Abstract
Identifying features to represent graphs such as social networks, protein graphs is increasingly common in both research and business communities, thanks to the fact that data has increased not only in quantity but also in complexity. This results in the graphs to be sparser because not all nodes are fully connected. In addition, if this whole graph is used as input data for learning algorithms e.g. neural network, a lot of training time will be required. Substantial efforts have been made to convert the graphs to better yet compact representations, among of which is graph embedding. The traditional methods used to map the original graph to its embedding representation had not yielded significant results until deep learning was invented. Many good approaches in this direction, as examples, are DeepWalk, node2vec. However, their general weakness is many important connections in the original graph could be lost. In this paper, we propose another approach to retain more edge information while ensuring the embedding graph is still sufficiently small, compared to the original one. Our experiment results show that the method also increases the accuracy of latter learning models.
Introduction
Social network and other types of network are increasingly popular in serving to store vast amounts of users’ personal information. In the last few decades, (social) network analysis has gained great research interests. One of the challenges is the size and complexity of the network keep increasing rapidly, requiring algorithms to consume more time and resources to process. Therefore, it is our goal that we must reduce network data size but retain important information, especially the structure of network. Almost all algorithms in machine learning require input data as a form of features [16]. Reducing network data size, thus, focuses on extracting good features. Some related terms in this work are feature engineering, feature learning, representation learning or graph embedding [12, 26, 34]. Among those, the term network embedding is most used. The features should be highly compact, informative and representative so that they will be used as good inputs for latter tasks such as classification, clustering, link prediction [25] and so on. Many studies have shown that network embedding is a promising tool. For instance, it can be used in node classification [6, 22] to assign labels for the nodes in the network. In social networks, this method improves algorithms predicting users’ interest and their friendships [18]. In protein-protein interaction networks, predicting the function of proteins in the interactome is made possible due to the use of network embedding [27, 33]. There are also many other fields in which this method has been successfully applied [26].
In machine learning, it is usually required that input is of mathematical representation (vector, matrix, graph, etc.) in order to be properly processed. Feature learning is a set of techniques transforming raw data into the needed mathematical representations.

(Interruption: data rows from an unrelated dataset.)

(* Let $G=(V,D,B)$ be a mixed graph, $v\in V$, and $Y\subseteq V\setminus(\{v\}\cup\mathrm{sib}(v))$ with $|Y|=|\mathrm{pa}(v)|=n$. Write $Y=\{y_1,\dots,y_n\}$, $\mathrm{pa}(v)=\{p_1,\dots,p_n\}$, and for $(\Lambda,\Omega)\in\Theta$ with $\Sigma=\phi_G(\Lambda,\Omega)$ define the $n\times n$ matrix $\mathbf{A}$ by $\mathbf{A}_{ij}=[(I-\Lambda)^T\Sigma]_{y_ip_j}$ if $y_i\in\mathrm{htr}(v)$ and $\mathbf{A}_{ij}=\Sigma_{y_ip_j}$ if $y_i\notin\mathrm{htr}(v)$. If $Y$ satisfies the half-trek criterion with respect to $v$, then $\mathbf{A}$ is generically invertible, i.e. $\det\mathbf{A}$, as a function of $(\Lambda,\Omega)\in\Theta$, is nonzero outside a proper algebraic subset of $\Theta$.
   Context: A mixed graph is $G=(V,D,B)$ with $V=[m]$, $D$ directed edges $v\to w$, $B$ symmetric bidirected edges $v\leftrightarrow w$, no self-loops. $\mathrm{pa}(v)=\{w:w\to v\in D\}$, $\mathrm{sib}(v)=\{w:w\leftrightarrow v\in B\}$. $\mathbb{R}^D_{\mathrm{reg}}$: real $m\times m$ $\Lambda$ with $\lambda_{vw}=0$ for $v\to w\notin D$ and $I-\Lambda$ invertible; $\mathrm{PD}(B)$: positive definite symmetric $\Omega$ with $\omega_{vw}=0$ for $v\ne w$, $v\leftrightarrow w\notin B$; $\Theta=\mathbb{R}^D_{\mathrm{reg}}\times\mathrm{PD}(B)$; $\phi_G(\Lambda,\Omega)=(I-\Lambda)^{-T}\Omega(I-\Lambda)^{-1}$. A proper algebraic subset of $\Theta$ is the zero set in $\Theta$ of polynomials in the entries, not all of $\Theta$. A half-trek from $y$ to $w$ is a path $y\leftrightarrow w_0\to w_1\to\cdots\to w_r=w$ (left side $\{y\}$, right side $\{w_0,\dots,w_r\}$) or $y\to w_1\to\cdots\to w_r=w$, $r\ge0$ (left side $\{y\}$, right side $\{y,w_1,\dots,w_r\}$); nodes may repeat. $\mathrm{htr}(v)$ is the set of $w\in V\setminus(\{v\}\cup\mathrm{sib}(v))$ reachable from $v$ by a half-trek. A system of half-treks from $X$ to $Y$: half-treks with distinct sources forming $X$ and distinct targets forming $Y$; no sided intersection: pairwise disjoint left sides and pairwise disjoint right sides. $Y$ satisfies the half-trek criterion w.r.t. $v$ if $|Y|=|\mathrm{pa}(v)|$, $Y\cap(\{v\}\cup\mathrm{sib}(v))=\emptyset$, and there is a system of half-treks with no sided intersection from $Y$ to $\mathrm{pa}(v)$. *)

From HB Require Import structures.
From mathcomp Require Import all_boot all_order all_algebra.
Set Implicit Arguments. Unset Strict Implicit. Unset Printing Implicit Defensive.
Import Order.TTheory GRing.Theory Num.Theory.
Local Open Scope ring_scope.
Let G_minus_ln_radius_le :
  G (z 0) - ln (radius R0 c 0) <= G (z t) - ln (radius R0 c t).
Proof.
  pose proof one_lt_linear_root.
  apply (le_of_derive_nonneg (fun s => G (z s) - ln (radius R0 c s))
           (fun s => Derive z s * integrand A B (z s) - c / radius R0 c s)); [lra| | |].
  - intros x Hx.
    pose proof (stays_above x Hx). pose proof (hzle1 x Hx). pose proof (radius_pos_on x ltac:(lra)).
    apply (continuous_minus (V := R_NormedModule)).
    + apply (continuous_comp (U := R_UniformSpace) (V := R_UniformSpace)
               (W := R_UniformSpace) z G); [now apply hzcont|].
      apply (ex_derive_continuous (K := R_AbsRing) (V := R_NormedModule)).
      eexists. apply is_derive_G. lra.
    + apply (ex_derive_continuous (K := R_AbsRing) (V := R_NormedModule)
               (fun s => ln (radius R0 c s))).
      unfold radius in *. auto_derive. lra.
  - intros x Hx.
    pose proof (stays_above x ltac:(lra)). pose proof (hzle1 x ltac:(lra)).
    pose proof (radius_pos_on x ltac:(lra)).
    apply (is_derive_minus (fun s => G (z s)) (fun s => ln (radius R0 c s))).
    + apply (is_derive_comp G z); [apply is_derive_G; lra|].
      apply Derive_correct, hzder, Hx.
    + unfold radius in *. auto_derive; [lra|]. field. lra.
  - intros x Hx. pose proof (rate_le x Hx). lra.
Qed.

Lemma ln_radius_le_RInt_integrand : ln (radius R0 c t / R0) <= RInt (integrand A B) z1 1.
Proof.
  pose proof G_minus_ln_radius_le as Hmono.
  pose proof (stays_above 0 ltac:(lra)). pose proof (hzle1 0 ltac:(lra)).
  pose proof (stays_above t ltac:(lra)). pose proof (hzle1 t ltac:(lra)).
  assert (G z1 <= G (z 0)) by (apply G_le; lra).
  assert (G (z t) <= G 1) by (apply G_le; lra).
  assert (G z1 = 0) by exact (RInt_point (V := R_CompleteNormedModule) z1 (integrand A B)).
  replace (radius R0 c 0) with R0 in Hmono by (unfold radius; ring).
  rewrite ln_div by (try apply radius_pos_on; lra).
  fold (G 1). lra.
Qed.

End Comparison.

End Integrand.

Lemma cube_ratio_le E b r Rbar : 0 < E -> 0 <= b -> 0 < r <= Rbar ->
  r ^ 3 / (E + b * r ^ 3) <= Rbar ^ 3 / (E + b * Rbar ^ 3).
Proof.
  intros HE Hb Hr.
  assert (r ^ 3 <= Rbar ^ 3) by (apply pow_incr; lra).
  assert (0 < E + b * r ^ 3) by (pose proof (pow_lt r 3); nra).
  assert (0 < E + b * Rbar ^ 3) by nra.
  apply Rmult_le_reg_r with ((E + b * r ^ 3) * (E + b * Rbar ^ 3)); [nra|].
  field_simplify; nra.
Qed.

Lemma constA_pos c b E Rbar : 0 < c -> 0 < E -> 0 < b -> 0 < Rbar -> 0 < constA c b E Rbar.
Proof.
  intros Hc HE Hb HR. pose proof (pow_lt Rbar 3 HR).
  assert (0 <= 3 * b * Rbar ^ 3 / (E + b * Rbar ^ 3)) by (apply Rle_mult_inv_pos; nra).
  unfold constA. nra.
Qed.

Section Normalization.

Variables (E b k c R0 Rbar T : R) (Q : R -> R).
Hypothesis hE : 0 < E.
Hypothesis hb : 0 < b.
Hypothesis hk : 0 < k.
Hypothesis hc0 : 0 < c.
Hypothesis hc1 : c <= 1.
Hypothesis hR0 : 0 < R0.
Hypothesis hQcont : forall t, 0 <= t < T -> continuous Q t.
Hypothesis hQder : forall t, 0 < t < T -> ex_derive Q t.
Hypothesis hdom : forall t, 0 <= t < T ->
  (Q t) ^ 2 / (radius R0 c t) ^ 2 <= (E + b * (radius R0 c t) ^ 3) ^ 2.
Hypothesis hineq : forall t, 0 < t < T ->
  Derive Q t >=
    E + b * (radius R0 c t) ^ 3
    - sqrt ((E + b * (radius R0 c t) ^ 3) ^ 2 - (Q t) ^ 2 / (radius R0 c t) ^ 2)
    - k * (radius R0 c t) ^ 3.
Hypothesis hAB1 : (constA c b E Rbar) ^ 2 + 2 * constB k b E Rbar - (constB k b E Rbar) ^ 2 > 0.
Hypothesis hAB2 : constA c b E Rbar + constB k b E Rbar < 1.

Local Notation Rad t := (radius R0 c t).
Local Notation P t := (E + b * Rad t ^ 3).

Definition normalized_momentum t := Q t / (Rad t * P t).

Let radius_pos_on t : 0 <= t -> 0 < Rad t.
Proof. intros Ht. apply radius_pos; lra. Qed.

Lemma energy_bound_pos t : 0 <= t -> 0 < P t.
Proof. intros Ht. pose proof (pow_lt _ 3 (radius_pos_on t Ht)). nra. Qed.

Lemma normalized_momentum_continuous t : 0 <= t < T -> continuous normalized_momentum t.
Proof.
  intros Ht. pose proof (radius_pos_on t ltac:(lra)). pose proof (energy_bound_pos t ltac:(lra)).
  apply (continuous_mult (K := R_AbsRing) Q (fun s => / (Rad s * P s))); [now apply hQcont|].
  apply (continuous_Rinv_comp (fun s => Rad s * P s)); [|nra].
  apply (ex_derive_continuous (K := R_AbsRing) (V := R_NormedModule)).
  unfold radius. auto_derive. auto.
Qed.

Lemma normalized_momentum_le_1 t : 0 <= t < T -> normalized_momentum t <= 1.
Proof.
  intros Ht. pose proof (radius_pos_on t ltac:(lra)). pose proof (energy_bound_pos t ltac:(lra)).
  specialize (hdom t Ht).
  assert (normalized_momentum t ^ 2 <= 1); [|nra].
  unfold normalized_momentum.
  replace ((Q t / (Rad t * P t)) ^ 2) with (Q t ^ 2 / Rad t ^ 2 / P t ^ 2) by (field; lra).
  apply Rmult_le_reg_r with (P t ^ 2); [nra|]. field_simplify; nra.
Qed.

(* [d/dt (R P) = c (P + 3 b R^3)] because [R' = c]. *)
Lemma is_derive_normalized_momentum t : 0 < t < T ->
  is_derive normalized_momentum t
    ((Derive Q t - normalized_momentum t * (c * (P t + 3 * b * Rad t ^ 3))) / (Rad t * P t)).
Proof.
  intros Ht. pose proof (radius_pos_on t ltac:(lra)). pose proof (energy_bound_pos t ltac:(lra)).
  unfold normalized_momentum, radius in *. auto_derive.
  - split; [now apply hQder|]. split; [nra|auto].
  - change (fun s => Q s) with Q. field. split; lra.
Qed.

Lemma growth_rate_le_constA t : 0 <= t -> Rad t <= Rbar ->
  c * (P t + 3 * b * Rad t ^ 3) <= P t * constA c b E Rbar.
Proof.
  intros Ht HR. pose proof (radius_pos_on t Ht). pose proof (energy_bound_pos t Ht).
  pose proof (cube_ratio_le E b (Rad t) Rbar hE ltac:(lra) ltac:(lra)) as Hratio.
  unfold constA.
  replace (c * (P t + 3 * b * Rad t ^ 3))
    with (P t * (c * (1 + 3 * b * (Rad t ^ 3 / P t)))) by (field; lra).
  apply Rmult_le_compat_l; [lra|].
  apply Rmult_le_compat_l; [lra|]. unfold Rdiv in *. nra.
Qed.

Lemma loss_le_constB t : 0 <= t -> Rad t <= Rbar -> k * Rad t ^ 3 <= P t * constB k b E Rbar.
Proof.
  intros Ht HR. pose proof (radius_pos_on t Ht). pose proof (energy_bound_pos t Ht).
  pose proof (cube_ratio_le E b (Rad t) Rbar hE ltac:(lra) ltac:(lra)) as Hratio.
  unfold constB.
  replace (k * Rad t ^ 3) with (P t * (k * (Rad t ^ 3 / P t))) by (field; lra).
  apply Rmult_le_compat_l; [lra|]. unfold Rdiv in *. nra.
Qed.

Lemma derive_normalized_momentum_ge t : 0 < t < T -> Rad t <= Rbar -> 0 <= normalized_momentum t ->
  denom (constA c b E Rbar) (constB k b E Rbar) (normalized_momentum t) / Rad t
  <= Derive normalized_momentum t.
Proof.
  intros Ht HR Hz.
  rewrite (is_derive_unique _ _ _ (is_derive_normalized_momentum t Ht)).
  pose proof (radius_pos_on t ltac:(lra)). pose proof (energy_bound_pos t ltac:(lra)).
  pose proof (growth_rate_le_constA t ltac:(lra) HR) as HA.
  pose proof (loss_le_constB t ltac:(lra) HR) as HB.
  specialize (hineq t Ht).
  assert (Hsqrt : sqrt (P t ^ 2 - Q t ^ 2 / Rad t ^ 2)
                  = P t * sqrt (1 - normalized_momentum t ^ 2)).
  { replace (P t ^ 2 - Q t ^ 2 / Rad t ^ 2) with (P t ^ 2 * (1 - normalized_momentum t ^ 2))
      by (unfold normalized_momentum; field; lra).
    rewrite sqrt_mult_alt, sqrt_pow2; nra. }
  rewrite Hsqrt in hineq.
  set (z := normalized_momentum t) in *. set (S := sqrt (1 - z ^ 2)) in *.
  unfold denom. fold S.
  apply Rmult_le_reg_r with (Rad t * P t); [nra|].
  replace ((1 - S - constA c b E Rbar * z - constB k b E Rbar) / Rad t * (Rad t * P t))
    with (P t * (1 - S) - z * (P t * constA c b E Rbar) - P t * constB k b E Rbar)
    by (field; lra).
  replace ((Derive Q t - z * (c * (P t + 3 * b * Rad t ^ 3))) / (Rad t * P t) * (Rad t * P t))
    with (Derive Q t - z * (c * (P t + 3 * b * Rad t ^ 3))) by (field; lra).
  nra.
Qed.

Lemma ln_radius_le_RInt z1 t : z0 (constA c b E Rbar) (constB k b E Rbar) < z1 ->
  0 <= t < T -> Rad t <= Rbar -> z1 < normalized_momentum 0 ->
  ln (Rad t / R0) <= RInt (integrand (constA c b E Rbar) (constB k b E Rbar)) z1 1.
Proof.
  intros Hz1 Ht HR Hzero. pose proof (radius_pos_on t ltac:(lra)).
  assert (hA : 0 < constA c b E Rbar) by (apply constA_pos; lra).
  pose proof (z0_pos _ _ hA hAB2).
  apply (ln_radius_le_RInt_integrand _ _ hA hAB1 hAB2 R0 c z1 t normalized_momentum); auto; try lra.
  - intros s Hs. apply normalized_momentum_continuous. lra.
  - intros s Hs. eexists. apply is_derive_normalized_momentum. lra.
  - intros s Hs. apply normalized_momentum_le_1. lra.
  - intros s Hs Hzs. apply derive_normalized_momentum_ge; try lra.
    pose proof (Rmult_lt_compat_l c s t hc0 (proj2 Hs)). unfold radius in *. lra.
Qed.

End Normalization.

Lemma exists_between_ln_ratio I R0 Rbar : 0 < R0 < Rbar -> I < ln (Rbar / R0) ->
  exists r, R0 < r < Rbar /\ I < ln (r / R0).
Proof.
  intros HR HI.
  assert (Hlog : 0 < ln (Rbar / R0)).
  { rewrite <- ln_1. apply ln_increasing; [lra|].
    apply (Rmult_lt_reg_l R0); [lra|]. field_simplify; lra. }
  set (m := (Rmax I 0 + ln (Rbar / R0)) / 2).
  pose proof (Rmax_l I 0). pose proof (Rmax_r I 0).
  pose proof (Rmax_lub_lt I 0 (ln (Rbar / R0)) HI Hlog).
  assert (Hexp : 1 < exp m < Rbar / R0).
  { rewrite <- exp_0, <- (exp_ln (Rbar / R0)) by (apply Rdiv_lt_0_compat; lra).
    split; apply exp_increasing; unfold m; lra. }
  exists (R0 * exp m). split.
  - split; [nra|]. replace Rbar with (R0 * (Rbar / R0)) by (field; lra). nra.
  - replace (R0 * exp m / R0) with (exp m) by (field; lra).
    rewrite ln_exp. unfold m. lra.
Qed.

Theorem mainTheorem10
  (E b k c R0 Rbar T1 : R) (Q : R -> R)
  (hE : 0 < E) (hb : 0 < b) (hk : 0 < k)
  (hc0 : 0 < c) (hc1 : c < 1) (hR0 : 0 < R0) (hRbar : R0 < Rbar)
  (* Q is continuous on [0,T1) *)
  (hQcont : forall t, 0 <= t < T1 -> continuous Q t)
  (* Q is differentiable on (0,T1) *)
  (hQder : forall t, 0 < t < T1 -> ex_derive Q t)
  (* the square root in the differential inequality is well defined *)
  (hdom : forall t, 0 <= t < T1 ->
     (Q t) ^ 2 / (radius R0 c t) ^ 2 <= (E + b * (radius R0 c t) ^ 3) ^ 2)
  (* the differential inequality *)
  (hineq : forall t, 0 < t < T1 ->
     Derive Q t >=
       E + b * (radius R0 c t) ^ 3
       - sqrt ((E + b * (radius R0 c t) ^ 3) ^ 2 - (Q t) ^ 2 / (radius R0 c t) ^ 2)
       - k * (radius R0 c t) ^ 3)
  (hAB1 : (constA c b E Rbar) ^ 2 + 2 * constB k b E Rbar - (constB k b E Rbar) ^ 2 > 0)
  (hAB2 : constA c b E Rbar + constB k b E Rbar < 1)
  (hz0 : z0 (constA c b E Rbar) (constB k b E Rbar) < 1)
  (hint : RInt (integrand (constA c b E Rbar) (constB k b E Rbar))
            (1 / 2 + z0 (constA c b E Rbar) (constB k b E Rbar) / 2) 1
          < ln (Rbar / R0))
  (hQ0 : Q 0 / (R0 * (E + b * R0 ^ 3))
          > z0 (constA c b E Rbar) (constB k b E Rbar) / 2 + 1 / 2) :
  T1 < (Rbar - R0) / c.
Proof.
  set (z1 := 1 / 2 + z0 (constA c b E Rbar) (constB k b E Rbar) / 2) in *.
  assert (Hz1 : z0 (constA c b E Rbar) (constB k b E Rbar) < z1) by (unfold z1; lra).
  apply Rnot_le_lt. intros HT.
  destruct (exists_between_ln_ratio _ R0 Rbar ltac:(lra) hint) as [r [Hr Hln]].
  set (t := (r - R0) / c).
  assert (Hrt : radius R0 c t = r) by (unfold radius, t; field; lra).
  assert (Ht : 0 < t < T1).
  { split; [apply Rdiv_lt_0_compat; lra|].
    apply Rlt_le_trans with ((Rbar - R0) / c); [|exact HT].
    apply Rmult_lt_compat_r; [apply Rinv_0_lt_compat|]; lra. }
  assert (Hzero : z1 < normalized_momentum E b c R0 Q 0).
  { unfold normalized_momentum, radius, z1. rewrite Rmult_0_r, Rplus_0_r. lra. }
  pose proof (ln_radius_le_RInt E b k c R0 Rbar T1 Q hE hb hk hc0 ltac:(lra) hR0
                hQcont hQder hdom hineq hAB1 hAB2 z1 t Hz1 ltac:(lra) ltac:(lra) Hzero)
    as Hbound.
  rewrite Hrt in Hbound. lra.
Qed.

The traditional feature learning methods such as topological relation [15], subgraph isomorphic [4] does not only take high costs for training but also depend on domain knowledge. Moreover, these features are often not general. Thus, we need a more effective approach to learn features, specifically learning automatically and the result is more general.
Regarding the dependence on information from nodes and edges/links in extracting features, one challenge worth noting is that feature space size should be small enough, but the quality of representative information should be good enough for latter network mining algorithms. One other difficulty in the conversion of the original network into this feature space is, while the networks grow, they often tend to increase the number of nodes, but those nodes do not necessarily connect to all/almost nodes in the network. This issue results in sparse graphs [3]. One way to mitigate such issue is to make the feature larger but this is not useful for training models. Therefore, in this paper, we concentrate on improving the feature extraction model for graph data, especially sparse graphs.
Related works
The methods converting to graph embedding focus on dimensionality reduction techniques. The graph is rendered in a d-dimensional vector space (with d much smaller than the size of the graph). The node of the graph is embedded in this compact space so that the pairwise node proximity is still maintained in the new space. It means two nodes will be still able to belong to the same cluster as the embedded one. These methods are generally referred to as a factorization-based method. Some typical methods of the factorization are Laplacian Eigenmaps [20] and Locally Linear Embedding [31]. However, the scalability, as well as the complexity, are the main issues in this approach.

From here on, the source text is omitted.